All text, audio, video and image files are supported file formats via Spaces Object Storage.

Compatibility with S3

The Spaces API is interoperable with the AWS S3, so Digital Ocean Spaces makes use of the existing S3 endpoints.

This means that the source of Digital Ocean files is S3. To differentiate between data sources and files from Spaces Object Storage, additional metadata has been added:

Data Source Metadata

data_source_metadata: Indicates the type of data source. Possible values include:

  • S3: Represents an Amazon S3 data source.
  • DigitalOcean Space: Represents a DigitalOcean Spaces data source.

File Metadata

file_metadata: Specifies the type of file. Possible values include:

  • S3 File: Represents a file stored in Amazon S3.
  • DigitalOcean Space File: Represents a file stored in DigitalOcean Spaces.
  • S3 Bucket: Represents a file representation for a S3 Bucket.
  • DigitalOcean Space Bucket: Represents a file representation for a DigitalOcean Space Bucket.

Authorization Type

Carbon uses Access Key based authentication to connect to Spaces Object Storage.

Functionality

Carbon allows users to upload text, image, video. and audio file formats directly from Spaces Object Storage.

Synchronization

Step 1: Generate Access Key and Secret

For Digital Ocean Spaces, generate the Access Key and Secret under the Space Keys tab of the Applications and API page here.

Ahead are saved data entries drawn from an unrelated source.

Lemma kern_left_upper y : y <= -1 -> kern_left y <= - / ((1 - y) * (x - y)).
Proof.
  intros hy. unfold kern_left.
  assert (hlog := ln_le_sub1 (- y / (1 - y)) ltac:(apply Rdiv_lt_0_compat; lra)).
  replace (- y / (1 - y) - 1) with (- / (1 - y)) in hlog by (field; lra).
  apply (Rle_div_l _ _ (x - y)); [lra|].
  replace (- / ((1 - y) * (x - y)) * (x - y)) with (- / (1 - y)) by (field; lra). lra.
Qed.

Lemma kern_left_nonpos y : y <= -1 -> kern_left y <= 0.
Proof.
  intros hy. assert (0 < / ((1 - y) * (x - y))) by (apply Rinv_0_lt_compat; nra).
  assert (h := kern_left_upper y hy). lra.
Qed.

Lemma kern_left_log y : - x <= y <= -1 -> kern_left y <= / (4 * x * y).
Proof.
  intros hy. apply Rle_trans with (- / ((1 - y) * (x - y))); [apply kern_left_upper; lra|].
  replace (/ (4 * x * y)) with (- / (4 * x * - y)) by (field; lra).
  apply Ropp_le_contravar, Rinv_le_contravar; nra.
Qed.

(* Pointwise bounds for the right branch: nonpositive and at least -2/(y-1)^2,
   using 1/y <= log(y/(y-1)) <= 1/(y-1) and y - x >= (y-1)/2. *)
Lemma kern_right_neg y : 2 * x + 1 <= y -> kern_right y = - (ln (y / (y - 1)) / (y - x)).
Proof. intros hy. unfold kern_right. field. lra. Qed.

Lemma kern_right_lower y : 2 * x + 1 <= y -> -2 / ((y - 1) * (y - 1)) <= kern_right y.
Proof.
  intros hy. rewrite kern_right_neg by lra.
  assert (hlog := ln_le_sub1 (y / (y - 1)) ltac:(apply Rdiv_lt_0_compat; lra)).
  replace (y / (y - 1) - 1) with (/ (y - 1)) in hlog by (field; lra).
  assert (ln (y / (y - 1)) / (y - x) <= 2 / ((y - 1) * (y - 1))); [|lra].
  apply (Rle_div_l _ _ (y - x)); [lra|].
  replace (2 / ((y - 1) * (y - 1)) * (y - x)) with (/ (y - 1) * (2 * (y - x) / (y - 1)))
    by (field; lra).
  assert (hratio : 1 <= 2 * (y - x) / (y - 1)) by (apply (Rle_div_r _ _ (y - 1)); lra).
  assert (0 < / (y - 1)) by (apply Rinv_0_lt_compat; lra). nra.
Qed.

Lemma kern_right_nonpos y : 2 * x + 1 <= y -> kern_right y <= 0.
Proof.
  intros hy. rewrite kern_right_neg by lra.
  assert (hlog := one_sub_inv_le_ln (y / (y - 1)) ltac:(apply Rdiv_lt_0_compat; lra)).
  replace (1 - / (y / (y - 1))) with (/ y) in hlog by (field; lra).
  assert (0 < / y) by (apply Rinv_0_lt_compat; lra).
  assert (0 <= ln (y / (y - 1)) / (y - x)); [apply (Rle_div_r _ _ (y - x)) | ]; lra.
Qed.

(* The kernel takes values in [-1, 0]; in particular clamping at level >= 1
   leaves it unchanged. *)
Lemma kern_bound y : Rabs (kern y) <= 1.
Proof.
  apply Rabs_le.
  destruct (Rlt_dec y (-1)) as [hleft|hnleft].
  { rewrite kern_eq_left by lra.
    assert (h1 := kern_left_lower y ltac:(lra)). assert (h2 := kern_left_nonpos y ltac:(lra)).
    assert (1 / (y * y) <= 1) by (apply (Rle_div_l _ _ (y * y)); nra). lra. }
  destruct (Rlt_dec (2 * x + 1) y) as [hright|hnright].
  { rewrite kern_eq_right by lra.
    assert (h1 := kern_right_lower y ltac:(lra)). assert (h2 := kern_right_nonpos y ltac:(lra)).
    assert (2 / ((y - 1) * (y - 1)) <= 1) by (apply (Rle_div_l _ _ ((y - 1) * (y - 1))); nra).
    lra. }
  rewrite kern_eq_mid by lra. lra.
Qed.

Lemma ex_RInt_kern_left a b : a <= b <= -1 -> ex_RInt kern a b.
Proof.
  intros hab. apply ex_RInt_ext with kern_left.
  - intros y hy. rewrite Rmin_left, Rmax_right in hy by lra.
    symmetry. apply kern_eq_left. lra.
  - apply (@ex_RInt_continuous R_CompleteNormedModule). intros y hy.
    rewrite Rmin_left, Rmax_right in hy by lra.
    apply (@ex_derive_continuous R_AbsRing R_NormedModule). unfold kern_left.
    auto_derive. repeat split; try lra. apply Rdiv_lt_0_compat; lra.
Qed.

Lemma ex_RInt_kern_right a b : 2 * x + 1 <= a <= b -> ex_RInt kern a b.
Proof.
  intros hab. apply ex_RInt_ext with kern_right.
  - intros y hy. rewrite Rmin_left, Rmax_right in hy by lra.
    symmetry. apply kern_eq_right. lra.
  - apply (@ex_RInt_continuous R_CompleteNormedModule). intros y hy.
    rewrite Rmin_left, Rmax_right in hy by lra.
    apply (@ex_derive_continuous R_AbsRing R_NormedModule). unfold kern_right.
    auto_derive. repeat split; try lra. apply Rdiv_lt_0_compat; lra.
Qed.

Lemma is_RInt_kern_mid : is_RInt kern (-1) (2 * x + 1) 0.
Proof.
  apply is_RInt_ext with (fun _ => 0).
  - intros y hy. rewrite Rmin_left, Rmax_right in hy by lra.
    symmetry. apply kern_eq_mid. lra.
  - generalize (is_RInt_const (-1) (2 * x + 1) 0).
    unfold scal; simpl; unfold mult; simpl. now rewrite Rmult_0_r.
Qed.

Lemma RInt_kern_left_nonpos a b : a <= b <= -1 -> RInt kern a b <= 0.
Proof.
  intros hab. apply RInt_nonpos; [lra | now apply ex_RInt_kern_left |].
  intros y hy. rewrite kern_eq_left by lra. apply kern_left_nonpos. lra.
Qed.

Lemma RInt_kern_right_nonpos a b : 2 * x + 1 <= a <= b -> RInt kern a b <= 0.
Proof.
  intros hab. apply RInt_nonpos; [lra | now apply ex_RInt_kern_right |].
  intros y hy. rewrite kern_eq_right by lra. apply kern_right_nonpos. lra.
Qed.

(* \int_a^{-1} -1/y^2 dy = -1 - 1/a >= -1. *)
Lemma RInt_kern_left_lower a : a <= -1 -> -1 <= RInt kern a (-1).
Proof.
  intros ha.
  assert (hprim : is_RInt (fun y => -1 / (y * y)) a (-1) (minus (/ (-1)) (/ a))).
  { apply (is_RInt_derive Rinv); intros y hy; rewrite Rmin_left, Rmax_right in hy by lra.
    - auto_derive; [lra | field; lra].
    - apply (@ex_derive_continuous R_AbsRing R_NormedModule). auto_derive. nra. }
  apply Rle_trans with (RInt (fun y => -1 / (y * y)) a (-1)).
  - rewrite (is_RInt_unique _ _ _ _ hprim).
    assert (/ a < 0) by (apply Rinv_lt_0_compat; lra).
    unfold minus, plus, opp; simpl. replace (/ (-1)) with (-1) by field. lra.
  - apply RInt_le; [lra | eexists; exact hprim | now apply ex_RInt_kern_left |].
    intros y hy. rewrite kern_eq_left by lra. apply kern_left_lower. lra.
Qed.

(* \int_{2x+1}^b -2/(y-1)^2 dy = 2/(b-1) - 1/x >= -1. *)
Lemma RInt_kern_right_lower b : 2 * x + 1 <= b -> -1 <= RInt kern (2 * x + 1) b.
Proof.
  intros hb.
  assert (hprim : is_RInt (fun y => -2 / ((y - 1) * (y - 1))) (2 * x + 1) b
                    (minus (2 / (b - 1)) (2 / (2 * x + 1 - 1)))).
  { apply (is_RInt_derive (fun y => 2 / (y - 1))); intros y hy;
      rewrite Rmin_left, Rmax_right in hy by lra.
    - auto_derive; [lra | field; lra].
    - apply (@ex_derive_continuous R_AbsRing R_NormedModule). auto_derive. nra. }
  apply Rle_trans with (RInt (fun y => -2 / ((y - 1) * (y - 1))) (2 * x + 1) b).
  - rewrite (is_RInt_unique _ _ _ _ hprim).
    assert (0 <= 2 / (b - 1)) by (apply Rdiv_le_0_compat; lra).
    assert (2 / (2 * x + 1 - 1) <= 1) by (apply (Rle_div_l _ _ (2 * x + 1 - 1)); lra).
    unfold minus, plus, opp; simpl. lra.
  - apply RInt_le; [lra | eexists; exact hprim | now apply ex_RInt_kern_right |].
    intros y hy. rewrite kern_eq_right by lra. apply kern_right_lower. lra.
Qed.

(* The logarithmic gain: \int_{-x}^{-1} dy/(4xy) = -log x/(4x). *)
Lemma RInt_kern_log : RInt kern (- x) (-1) <= - ln x / (4 * x).
Proof.
  assert (hprim : is_RInt (fun y => / (4 * x * y)) (- x) (-1)
                    (minus (ln (- -1) / (4 * x)) (ln (- - x) / (4 * x)))).
  { apply (is_RInt_derive (fun y => ln (- y) / (4 * x))); intros y hy;
      rewrite Rmin_left, Rmax_right in hy by lra.
    - auto_derive; [lra | field; lra].
    - apply (@ex_derive_continuous R_AbsRing R_NormedModule). auto_derive. nra. }
  replace (- ln x / (4 * x)) with (RInt (fun y => / (4 * x * y)) (- x) (-1)).
  - apply RInt_le; [lra | apply ex_RInt_kern_left; lra | eexists; exact hprim |].
    intros y hy. rewrite kern_eq_left by lra. apply kern_left_log. lra.
  - rewrite (is_RInt_unique _ _ _ _ hprim). unfold minus, plus, opp; simpl.
    replace (- -1) with 1 by ring. rewrite Ropp_involutive, ln_1. field. lra.
Qed.

Lemma sym_int_split N : 2 * x + 1 <= N ->
  ex_RInt kern (- N) N /\ RInt kern (- N) N = RInt kern (- N) (-1) + RInt kern (2 * x + 1) N.
Proof.
  intros hN.
  assert (hL : ex_RInt kern (- N) (-1)) by (apply ex_RInt_kern_left; lra).
  assert (hR : ex_RInt kern (2 * x + 1) N) by (apply ex_RInt_kern_right; lra).
  assert (hM : ex_RInt kern (-1) (2 * x + 1)) by (eexists; exact is_RInt_kern_mid).
  assert (hLM : ex_RInt kern (- N) (2 * x + 1)) by (eapply ex_RInt_Chasles; eauto).
  split; [eapply ex_RInt_Chasles; eauto|].
  rewrite <- (RInt_Chasles kern (- N) (2 * x + 1) N), <- (RInt_Chasles kern (- N) (-1)) by auto.
  rewrite (is_RInt_unique _ _ _ _ is_RInt_kern_mid). unfold plus; simpl. ring.
Qed.

(* Widening the window only adds nonpositive contributions. *)
Lemma sym_int_decr N : 2 * x + 1 <= N -> RInt kern (- (N + 1)) (N + 1) <= RInt kern (- N) N.
Proof.
  intros hN.
  destruct (sym_int_split N hN) as [_ ->]. destruct (sym_int_split (N + 1) ltac:(lra)) as [_ ->].
  rewrite <- (RInt_Chasles kern (- (N + 1)) (- N) (-1)) by (apply ex_RInt_kern_left; lra).
  rewrite <- (RInt_Chasles kern (2 * x + 1) N (N + 1)) by (apply ex_RInt_kern_right; lra).
  unfold plus; simpl.
  assert (RInt kern (- (N + 1)) (- N) <= 0) by (apply RInt_kern_left_nonpos; lra).
  assert (RInt kern N (N + 1) <= 0) by (apply RInt_kern_right_nonpos; lra). lra.
Qed.

Lemma sym_int_lower N : 2 * x + 1 <= N -> -2 <= RInt kern (- N) N.
Proof.
  intros hN. destruct (sym_int_split N hN) as [_ ->].
  assert (h1 := RInt_kern_left_lower (- N) ltac:(lra)).
  assert (h2 := RInt_kern_right_lower N hN). lra.
Qed.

Step 2: Provide Credentials to Carbon

In order to access Spaces from different regions, you need to create separate Access Keys for each region.

POST the generated credentials to the /integrations/s3 endpoint in this format:

{
    "access_key": "<<your-access-key>>",
    "access_key_secret": "<<access-key-secret>>",
    "endpoint_url": "<<region>>.digitaloceanspaces.com"
}

Step 3: List Files and Buckets

Optionally load all available Spaces Object Storage buckets and objects by using POST /integrations/items/sync and list them via POST /integrations/items/list.

Step 4: Sync Files or Buckets

Use the /integrations/s3/files endpoint to sync specific file objects or buckets.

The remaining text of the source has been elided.